Wednesday, March 9, 2011

How to fold a Protein - and how to do it wrong.

Since it's been a while since my last scientific blog post, I thought I could seize the opportunity and use my presentation theme for Miolecular Biology. The presentation is going to be on Thursday and my group will talk about Protein Folding & Prion Diseases.

If this sounds too complicated to you - don't worry. I'm only gonna explain the basics (because I don't know any better either XD) BUT it will be in English. Maybe I'll add a translation at the end of the post, but basically everyone who understands English should be also able to understand this topic :) (since my study programme is wholly in English it's easier for me to talk about these things in English, furthermore I see it as a good opportunity to practice my English)

I (kind of ignored my group and) chose Prions as a topic for the presentation because Prions fascinate me since I learned about them around the beginning of the new millenium. Back then there were first cases of BSE in Austria, a disease which I had never before heard about but which scared the hell out of everyone. Restaurants in Austria even refused to serve beef, and people were panicking about the disease, but nobody really new what it was, so I started to research a bit on the topic. Back then I was 10 years old and had no idea about protein chemistry or protein synthesis.
Today I understand more about proteins, but this only helped me to understand that up until today, Prion diseases such as BSE or Creutzfeld-Jacob-Disease are not more than rudimentarily understood and researched.

First I'd like to give you a basic introduction in Protein synthesis and Protein Folding. Don't worry, it won't get too complicated and you probably heard about most of it in school.

Basically, the DNA in each of our cell's nuclei codes for the proteins. Proteins, again, make up almost everything in our body. As an example, there are specific proteins in a cell's membrane, that work as ion channels and it's their job to maintain the ion concentration inside the cell at a certain level. Other proteins work as enzymes - catalyzing agents that make vital, chemical reactions in our body work. And there are many, many more.

So how is a protein synthesized?
The DNA-code in the nucleus is copied into an RNA strand, this process is the infamous Transcription.
A so-called ribosome attaches to the RNA strand and starts to "read" out the original code.

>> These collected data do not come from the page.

Lemma prod_fact_dvd (s : seq nat) : (\prod_(x <- s) x`! %| (\sum_(x <- s) x)`!)%N.
Proof.
elim: s => [|a s IHs]; rewrite ?big_nil // !big_cons.
apply: dvdn_trans (dvdn_mul (dvdnn _) IHs) _.
by rewrite -(bin_fact (leq_addr (\sum_(x <- s) x) a)) addKn dvdn_mull.
Qed.

Lemma multinomK (N : nat) (s : seq nat) : N = (\sum_(x <- s) x)%N ->
  (multinom N s * \prod_(x <- s) x`!)%N = N`!.
Proof. by rewrite /multinom => ->; rewrite divnK // prod_fact_dvd. Qed.

Section Coefficients.

Variables (k n : nat) (lam mu : 'I_k -> int).

Definition admissible (nu : 'I_k -> int) (w w' : 'S_k) :=
  [forall i, (n%:Z %| mu (w i) + nu (w' i) - lam i)%Z].

Lemma vsum_vact (f : 'I_k -> int) (w : 'S_k) : vsum (vact f w) = vsum f.
Proof. by rewrite /vsum [RHS](reindex_inj (@perm_inj _ w)). Qed.

Lemma Ncoef_admissible (nu : 'I_k -> int) (w w' : 'S_k) :
  `[< exists alpha : 'I_k -> int,
      (forall i, vact mu w i + vact nu w' i = lam i + n%:Z * alpha i) /\
      n%:Z * vsum alpha = vsum mu + vsum nu - vsum lam >] = admissible nu w w'.
Proof.
apply/asboolP/forallP => [[alpha [w_alpha _]] i | adm].
  by apply/dvdzP; exists (alpha i); rewrite /vact in w_alpha; rewrite w_alpha; lia.
(* The constraint on [vsum alpha] follows from the pointwise ones. *)
pose alpha i := ((mu (w i) + nu (w' i) - lam i) %/ n%:Z)%Z.
have alphaE i : n%:Z * alpha i = mu (w i) + nu (w' i) - lam i by rewrite mulrC divzK.
exists alpha; split=> [i|]; first by rewrite alphaE /vact; lia.
rewrite /vsum mulr_sumr; under eq_bigr do rewrite alphaE.
by rewrite sumrB big_split /= -!/(vsum _) -(vsum_vact mu w) -(vsum_vact nu w').
Qed.

Lemma Ncoef_sum (nu : 'I_k -> int) : Ncoef n lam mu nu =
  (\sum_(w | in_minrep mu w) #|[pred w' | in_minrep nu w' && admissible nu w w']|)%N.
Proof.
rewrite /Ncoef -sum1_card; under [RHS]eq_bigr do rewrite -sum1_card.
rewrite pair_big_dep /=; apply: eq_bigl => -[w w'].
by rewrite !inE Ncoef_admissible andbA.
Qed.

According to that code the ribosome assembles single amino acids (the building blocks of a protein) to a polypeptide chain (one amino acid = peptide ; a chain consisting many amino acids = polypeptide) during the so called Translation.

The picture shows the process of protein synthesis in more detail.
(picture source:*klicku*)

So far most people will probably recognize this from school.
But for a fully functional protein, this polypeptide chain needs a very specific, three-dimensional structure.
This structure mostly depends on the amino acids that make up the polypeptide chains.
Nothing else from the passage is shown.